At the beginning of my work on Pompeii, some years ago, I thought that documentation was a very good starting point for digital visualisation; that having a professional documentation was very close to know how things were at the time. Which is true, to a certain extent. But, besides knowing of course that every human representation is intrinsically subjective, I didn't take into account that Pompeii has always an extra layer of complication (if not sheer surrealism…).

Morghen and Chiantarelli's documentation is extremely precious. It tells us about the decorative pattern around the fragments that survived. Shows us the beautiful fake architectural features that Esher would have loved so much. Reveals fascinating illusory doors leading to even more secret rooms.
But…

[part two]              

Monday 2 March 2015

Isis rises from the clouds: converting 3D meshes into point clouds

Sneak peek of my model of the Iseum in 3DSMax.
Untextured
As the Generic Viewer only accepts point clouds as inputs, we had to find a way to convert my 3D model of the Iseum into a point cloud.
I know. The idea would make many modellers (including me) cringe. And I can already hear the puzzled voice of my colleagues asking “just WHY?”. All the painstaking work I did on labelling the different elements would be lost in the process. All the layers would probably be smashed together. And what would happen to the details?
I am not going to ignore this issue, just to leave it aside for the moment. We took some time just to make experiments. It may not lead anywhere. It may not be useful to my research. The process of converting a 3D mesh into a point cloud may involve such a loss of information that it is unreasonable to pursue it. But we just wanted to find out.

How do you do that?
Here you can see the difference between people coming from a humanities or technology background. I started being fascinated by the idea of making a digital imaging of a virtual space. Is that possible? Can you do a photogrammetry of a space that is already digital? While I was pondering these slightly surreal thoughts, and getting lost in their philosophical implications, Alexandra had already found an option in Meshlab that transforms meshes into point clouds. As simple as that.

The Iseum as point cloud in the GV. The software generated
the map and calculated the areas.
The pink dots are the viewpoints
So we exported the Iseum in collada (.dae) from 3DSMax (the only Max exporting format that can be opened in Meshlab), we imported it into Meshlab and generated a point cloud.
We tried out different point densities, and then we settled for 5 millions. And there it was, my temple as a cloud!
I was happy to see that the conversion had worked less problematically than I was expecting. But, at the same time, it can’t be ignored that, even in a quite simple and regular untextured model like mine, everything looked pretty much simplified. The question if the benefits of the semantic annotations and the spatial calculations are worth the information loss is still open.

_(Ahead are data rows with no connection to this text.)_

(* Let $V=\bigoplus_{n\in\mathbb{Z}}V_n$ be a vertex operator algebra and $M$ a subspace of $V$. (1) Suppose $V=\bigoplus_{n=n_0}^{\infty}V_n$ with $n_0<0$ and $V_{n_0}\neq 0$. Then every $v\in\bigoplus_{n=n_0}^{-1}V_n$ lies in $sr_{0,-1}(M)$; in particular $sr_{0,-1}(M)\neq\{0\}$. (2) Suppose $V$ satisfies the $C_2$-cofiniteness condition and $M\supseteq C_2(V)$. If $u\in\bigoplus_{i=1}^{k}V_i$ for some positive integer $k$, then $u\in sr_{0,-1}(M)$.
   Context: A vertex operator algebra is a $\mathbb{Z}$-graded vertex algebra $V=\bigoplus_{n\in\mathbb{Z}}V_n$ over $\mathbb{C}$ (with $Y(u,z)=\sum_n u_nz^{-n-1}$, $\mathbf{1}\in V_0$, and $u_mV_n\subseteq V_{k+n-m-1}$ for $u\in V_k$), with $\dim V_n<\infty$, $V_n=0$ for $n$ sufficiently negative, and a conformal vector $\omega\in V_2$ whose modes $L(n)$ ($Y(\omega,z)=\sum L(n)z^{-n-2}$) satisfy the Virasoro relations, $L(0)$ acts on $V_n$ as $n$, and $Y(L(-1)v,z)=\frac{d}{dz}Y(v,z)$. $C_2(V)=\operatorname{span}_{\mathbb{C}}\{u_{-2}v:u,v\in V\}$; $V$ satisfies the $C_2$-cofiniteness condition if $\dim V/C_2(V)<\infty$. Iterated products are nested to the right: $v_{n_1}\cdots v_{n_t}v=v_{n_1}(\cdots(v_{n_t}v))$. For a subspace $M\subseteq V$: $lsr_{0,-1}(M)$ is the set of $v\in V$ such that for every $b\in V$ there is $m\ge0$ with $b_sv_{n_1}\cdots v_{n_t}v\in M$ for all $t\ge m$ and all $s,n_1,\dots,n_t\in\{0,-1\}$. $rsr_{0,-1}(M)$ is the set of $v\in V$ such that for every $w\in V$ there is $m\ge 0$ with $(v_{n_1}\cdots v_{n_t}v)_nw\in M$ for all $t\ge m$ and all $n,n_1,\dots,n_t\in\{0,-1\}$. $sr_{0,-1}(M)=lsr_{0,-1}(M)\cap rsr_{0,-1}(M)$. *)

From HB Require Import structures.
From mathcomp Require Import all_boot all_order all_algebra.
From mathcomp Require Import reals complex.
Set Implicit Arguments. Unset Strict Implicit. Unset Printing Implicit Defensive.
Import Order.TTheory GRing.Theory Num.Theory.
Local Open Scope ring_scope.

Section VOADefs.
Variables (C : fieldType) (V : lmodType C).

Definition is_subspace (M : V -> Prop) : Prop :=
  M 0 /\ forall (a : C) (x y : V), M x -> M y -> M (a *: x + y).

Definition binz (r : int) (i : nat) : C :=
  (\prod_(j < i) (r%:~R - (j : nat)%:R)) / (i`!)%:R.

(* Vn : int -> V -> Prop is the grading (Vn n = V_n);
   Y u n v = u_n v is the n-th mode (Y(u,z) = sum_n u_n z^{-n-1});
   vac = vacuum vector 1, om = conformal vector omega, c = central charge. *)
Variables (Vn : int -> V -> Prop) (Y : V -> int -> V -> V) (vac om : V) (c : C).

Definition Lop (n : int) (v : V) : V := Y om (n + 1) v.

Definition in_graded_sum (P : int -> bool) (v : V) : Prop :=
  exists s : seq (int * V),
    (forall p, p \in s -> P p.1 /\ Vn p.1 p.2) /\ v = \sum_(p <- s) p.2.

Record VOA_axioms : Prop := {
  grade_subspace : forall n, is_subspace (Vn n);
  grade_span : forall v : V, in_graded_sum (fun _ => true) v;
  grade_direct : forall s : seq (int * V), uniq (map fst s) ->
      (forall p, p \in s -> Vn p.1 p.2) -> \sum_(p <- s) p.2 = 0 ->
      forall p, p \in s -> p.2 = 0;
  grade_findim : forall n, exists b : seq V, (forall x, x \in b -> Vn n x) /\
      forall x, Vn n x -> exists a : 'I_(size b) -> C,
        x = \sum_(i < size b) a i *: b`_i;
  grade_bounded_below : exists N : int, forall n, n < N -> forall x, Vn n x -> x = 0;
  Y_linear_l : forall n (a : C) u1 u2 v,
      Y (a *: u1 + u2) n v = a *: Y u1 n v + Y u2 n v;
  Y_linear_r : forall u n (a : C) v1 v2,
      Y u n (a *: v1 + v2) = a *: Y u n v1 + Y u n v2;
  Y_truncation : forall u v, exists N : int, forall n, N <= n -> Y u n v = 0;
  vac_mode : forall n v, Y vac n v = (if n == -1 then v else 0);
  create_vac : forall u, Y u (-1) vac = u /\ forall n, 0 <= n -> Y u n vac = 0;
  (* Borcherds (Jacobi) identity; the sums over i >= 0 are finite by truncation *)
  borcherds : forall u v w (p q r : int), exists N0 : nat, forall N : nat, (N0 <= N)%N ->
      \sum_(i < N) binz p i *: Y (Y u (r + (i : nat)%:Z) v) (p + q - (i : nat)%:Z) w
    = \sum_(i < N) ((-1) ^+ i * binz r i) *:
          (Y u (p + r - (i : nat)%:Z) (Y v (q + (i : nat)%:Z) w)
           - (-1) ^ r *: Y v (q + r - (i : nat)%:Z) (Y u (p + (i : nat)%:Z) w));
  vac_deg : Vn 0 vac;
  mode_deg : forall (k n m : int) u v, Vn k u -> Vn n v -> Vn (k + n - m - 1) (Y u m v);
  om_deg : Vn 2 om;
  virasoro : forall (m n : int) w,
      Lop m (Lop n w) - Lop n (Lop m w)
    = (m - n)%:~R *: Lop (m + n) w
      + (if m + n == 0 then ((m ^+ 3 - m)%:~R / 12%:R) * c else 0) *: w;
  L0_grading : forall n v, Vn n v -> Lop 0 v = n%:~R *: v;
  L_minus1_derivative : forall v n w, Y (Lop (-1) v) n w = - n%:~R *: Y v (n - 1) w
}.

Definition C2 (x : V) : Prop :=
  exists s : seq (C * V * V), x = \sum_(p <- s) p.1.1 *: Y p.1.2 (-2) p.2.

Definition C2_cofinite : Prop :=
  exists b : seq V, forall x, exists a : 'I_(size b) -> C,
    C2 (x - \sum_(i < size b) a i *: b`_i).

So, we managed to overcome the first major issue: we had a point cloud version of the virtual space. But, still, it was not suitable for the GV because in a CAD model there are not fixed viewpoints. 
We thought that the key was to keep treating the virtual space as a real one. And do, virtually, all the things we would do in a material space to make the GV work. So, we placed some hypothetical view points in the model and recorded the coordinates in the 3D space. 

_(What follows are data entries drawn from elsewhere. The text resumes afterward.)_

Lemma fin_dist_pseudometric {T : Type} (d : T -> T -> R) :
  is_metric d -> Rbar_pseudometric (fin_dist d).
Proof.
  intro Hd. pose proof (metric_ge0 d Hd) as H0. destruct Hd as [Hzero [Hsym Htri]].
  split; unfold fin_dist; simpl; auto.
  - intro x. now rewrite (proj2 (Hzero x x) eq_refl).
  - intros x y. now rewrite Hsym.
Qed.

Section Pseudometric.
Context {T : Type} {D : T -> T -> Rbar} (HD : Rbar_pseudometric D).

Lemma dist_lt_finite x y e : Rbar_lt (D x y) (Finite e) ->
  exists t, D x y = Finite t /\ 0 <= t /\ t < e.
Proof.
  intro H. pose proof (dist_ge0 HD x y) as H0.
  destruct (D x y) as [t| |]; simpl in *; try contradiction. now exists t.
Qed.

Lemma dist_triangle_lt x y z a b : Rbar_lt (D x y) (Finite a) -> Rbar_lt (D y z) (Finite b) ->
  Rbar_lt (D x z) (Finite (a + b)).
Proof.
  intros Hxy Hyz.
  destruct (dist_lt_finite x y a Hxy) as [t1 [E1 [? ?]]].
  destruct (dist_lt_finite y z b Hyz) as [t2 [E2 [? ?]]].
  pose proof (dist_triangle HD x y z) as Htri. rewrite E1, E2 in Htri.
  eapply Rbar_le_lt_trans; [exact Htri|]. simpl. lra.
Qed.

End Pseudometric.

Section Borel.
Context {T : Type} (D : T -> T -> Rbar).

Lemma borel_open U : is_open D U -> borel D U.
Proof. intros HU S HS Hopen. auto. Qed.

Lemma borel_empty : borel D (fun _ => False).
Proof. intros S HS _. apply HS. Qed.

Lemma borel_compl A : borel D A -> borel D (fun x => ~ A x).
Proof. intros HA S HS Hopen. apply HS, HA; auto. Qed.

Lemma borel_union (F : nat -> T -> Prop) :
  (forall n, borel D (F n)) -> borel D (fun x => exists n, F n x).
Proof. intros HF S HS Hopen. apply HS. intro n. apply HF; auto. Qed.

Lemma borel_closed A : is_closed D A -> borel D A.
Proof.
  intro HA. replace A with (fun x => ~ ~ A x) by (apply pred_ext; intro; tauto).
  apply borel_compl, borel_open, HA.
Qed.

screenshots of the virtual panorama
in the texturised ekklesiasterion
Again, I was glad for the success of the experiment. It gives a certain pleasure to push the boundaries of digital tools and software, and to see how much you can stretch them and make them do things they were never supposed to. On the other hand, I was losing information again. I had just turned a virtual space that is entirely explorable, 360 degrees, into a space whose view is constrained by the position of viewpoints.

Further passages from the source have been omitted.